3. Filter out .snapshot NetApp folders in addition to other "." prefixed system folders like HA, StorageIO, etc. (Would be nice to support regex filters.)

4. Exclude SRM and CBT folders/files.

function Remove-OrphanedData {

<#

.SYNOPSIS   Remove orphaned folders and VMDK files

.DESCRIPTION   The function searches orphaned folders and VMDK files

   on one or more datastores and reports its findings.

   Optionally the function removes  the orphaned folders   and VMDK files

.NOTES   Author:  Luc Dekens

.PARAMETER Datastore

   One or more datastores.

   The default is to investigate all shared VMFS datastores

.PARAMETER Delete

   A switch that indicates if you want to remove the folders

   and VMDK files

.EXAMPLE

   PS> Remove-OrphanedData -Datastore ds1

.EXAMPLE

  PS> Get-Datastore ds* | Remove-OrphanedData

.EXAMPLE

  PS> Remove-OrphanedData -Datastore $ds -Delete

#>

  [CmdletBinding(SupportsShouldProcess=$true)]

  param(

  [parameter(Mandatory=$true,ValueFromPipeline=$true)]

  [PSObject[]]$Datastore,

  [switch]$Delete

  )

  begin{

    $fldList = @{}

    $hdList = @{}

    $fileMgr = Get-View FileManager

  }

  process{

    foreach($ds in $Datastore){

      if($ds.GetType().Name -eq "String"){

        $ds = Get-Datastore -Name $ds

      }

      if($ds.ExtensionData.Summary.MultipleHostAccess){

        Get-VM -Datastore $ds | %{

          $_.Extensiondata.LayoutEx.File | where{"diskDescriptor","diskExtent" -contains $_.Type} | %{

            $fldList[$_.Name.Split('/')[0]] = $_.Name

            $hdList[$_.Name] = $_.Name

          }

        }

        Get-Template | where {$_.DatastoreIdList -contains $ds.Id} | %{

          $_.Extensiondata.LayoutEx.File | where{"diskDescriptor","diskExtent" -contains $_.Type} | %{

            $fldList[$_.Name.Split('/')[0]] = $_.Name

            $hdList[$_.Name] = $_.Name

          }

        }

        $dc = $ds.Datacenter.Extensiondata

        $flags = New-Object VMware.Vim.FileQueryFlags

        $flags.FileSize = $true

        $flags.FileType = $true

        $disk = New-Object VMware.Vim.VmDiskFileQuery

        $disk.details = New-Object VMware.Vim.VmDiskFileQueryFlags

        $disk.details.capacityKb = $true

        $disk.details.diskExtents = $true

        $disk.details.diskType = $true

        $disk.details.thin = $true

        $searchSpec = New-Object VMware.Vim.HostDatastoreBrowserSearchSpec

        $searchSpec.details = $flags

        $searchSpec.Query += $disk

        $searchSpec.sortFoldersFirst = $true

        $dsBrowser = Get-View $ds.ExtensionData.browser

        $rootPath = "[" + $ds.Name + "]"

        $searchResult = $dsBrowser.SearchDatastoreSubFolders($rootPath, $searchSpec)

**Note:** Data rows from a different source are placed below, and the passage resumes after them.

Lemma partial_wsum_bound n b : Rabs (sum_f_R0 (fun a => w a * H a b) n) <= B * sum_f_R0 w n.
Proof.
  induction n as [|n IH]; simpl.
  - apply (Rabs_weighted_le w w_ge0 (fun a => H a b)); auto.
  - eapply Rle_trans; [apply Rabs_triang|].
    rewrite Rmult_plus_distr_l. apply Rplus_le_compat; auto.
    apply (Rabs_weighted_le w w_ge0 (fun a => H a b)); auto.
Qed.

Lemma partial_wsum_comm n :
  sum_f_R0 (fun a => w a * wsum w' (H a)) n
  = wsum w' (fun b => sum_f_R0 (fun a => w a * H a b) n).
Proof.
  induction n as [|n IH]; simpl.
  - rewrite wsum_scal. reflexivity.
  - rewrite IH, (wsum_plus w' w'_ge0 w'_summable _ _ (B * sum_f_R0 w n) (B * w (S n))).
    + rewrite wsum_scal. reflexivity.
    + apply partial_wsum_bound.
    + intros b. apply (Rabs_weighted_le w w_ge0 (fun a => H a b)); auto.
Qed.

(* The partial sums of the outer series commute with the inner one, and the
   remainder is bounded, uniformly in [b], by [B] times the tail of [w]. *)
Lemma wsum_comm :
  wsum w (fun a => wsum w' (H a)) = wsum w' (fun b => wsum w (fun a => H a b)).
Proof.
  assert (HB : 0 <= B) by (eapply Rle_trans; [apply Rabs_pos | apply (H_bounded 0%nat 0%nat)]).
  assert (HS' : 0 <= Series w').
  { apply (Rle_trans _ (sum_f_R0 w' 0)); [apply cond_pos_sum; auto |].
    apply sum_incr; auto. apply is_series_Reals, Series_correct; auto. }
  set (C := B * Series w' + 1).
  apply is_series_unique, is_series_Reals. intros eps Heps.
  destruct (proj1 (is_series_Reals _ _) (Series_correct _ w_summable) (eps / C))
    as [N HN]; [unfold C; apply Rdiv_lt_0_compat; nra|].
  exists N. intros n Hn. specialize (HN n Hn). unfold R_dist in *.
  rewrite partial_wsum_comm.
  rewrite <- (wsum_minus w' w'_ge0 w'_summable _ _ (B * sum_f_R0 w n) (B * Series w)).
  3: { intros b. apply (wsum_bound w w_ge0 w_summable (fun a => H a b)); auto. }
  2: { intros b. apply partial_wsum_bound. }
  eapply Rle_lt_trans.
  { apply (wsum_bound w' w'_ge0 w'_summable _ (B * (Series w - sum_f_R0 w n))).
    intros b. rewrite Rabs_minus_sym. apply (wsum_tail w (fun a => H a b)); auto. }
  assert (Htail : Series w - sum_f_R0 w n < eps / C).
  { rewrite Rabs_minus_sym in HN. eapply Rle_lt_trans; [apply Rle_abs | exact HN]. }
  assert (HBS : 0 <= B * Series w') by (apply Rmult_le_pos; auto).
  assert (HepsC : eps = eps / C * C) by (field; unfold C; lra).
  assert (0 < eps / C) by (unfold C; apply Rdiv_lt_0_compat; lra).
  assert (B * Series w' * (Series w - sum_f_R0 w n) <= B * Series w' * (eps / C))
    by (apply Rmult_le_compat_l; lra).
  set (e := eps / C) in *. unfold C in HepsC. nra.
Qed.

        foreach($folder in $searchResult){

          if($fldList.ContainsKey($folder.FolderPath.TrimEnd('/'))){

            foreach ($file in $folder.File){

              if(!$hdList.ContainsKey($folder.FolderPath + $file.Path)){

                New-Object PSObject -Property @{

                  Folder = $folder.FolderPath

                  Name = $file.Path

                  Size = $file.FileSize

                  CapacityKB = $file.CapacityKb

                  Thin = $file.Thin

                  Extents = [string]::Join(',',($file.DiskExtents))

                }

                if($Delete){

                  If ($PSCmdlet.ShouldProcess(($folder.FolderPath + " " + $file.Path),"Remove VMDK")){

                    $dsBrowser.DeleteFile($folder.FolderPath + $file.Path)

                  }

                }

              }

            }

          }

          elseif($folder.File | where {"cos.vmdk","esxconsole.vmdk" -notcontains $_.Path}){

            $folder.File | %{

              New-Object PSObject -Property @{

                Folder = $folder.FolderPath

                Name = $_.Path

                Size = $_.FileSize

                CapacityKB = $_.CapacityKB

                Thin = $_.Thin

                Extents = [String]::Join(',',($_.DiskExtents))

              }

            }

            if($Delete){

              if($folder.FolderPath -eq $rootPath){

                $folder.File | %{

                  If ($PSCmdlet.ShouldProcess(($folder.FolderPath + " " + $_.Path),"Remove VMDK")){

                    $dsBrowser.DeleteFile($folder.FolderPath + $_.Path)

                  }

                }

              }

              else{

                If ($PSCmdlet.ShouldProcess($folder.FolderPath,"Remove Folder")){

                  $fileMgr.DeleteDatastoreFile($folder.FolderPath,$dc.MoRef)

                }

              }

            }

          }

        }

      }

    }

  }

}

0 Kudos
6 Replies
LucD
Leadership
Leadership

Nice additions to the function, and it is the right time of the year (at least in the Northern hemisphere) :smileygrin:

1) You will need to add the other file types to the HostDatastoreBrowserSearchSpec object on the Query property.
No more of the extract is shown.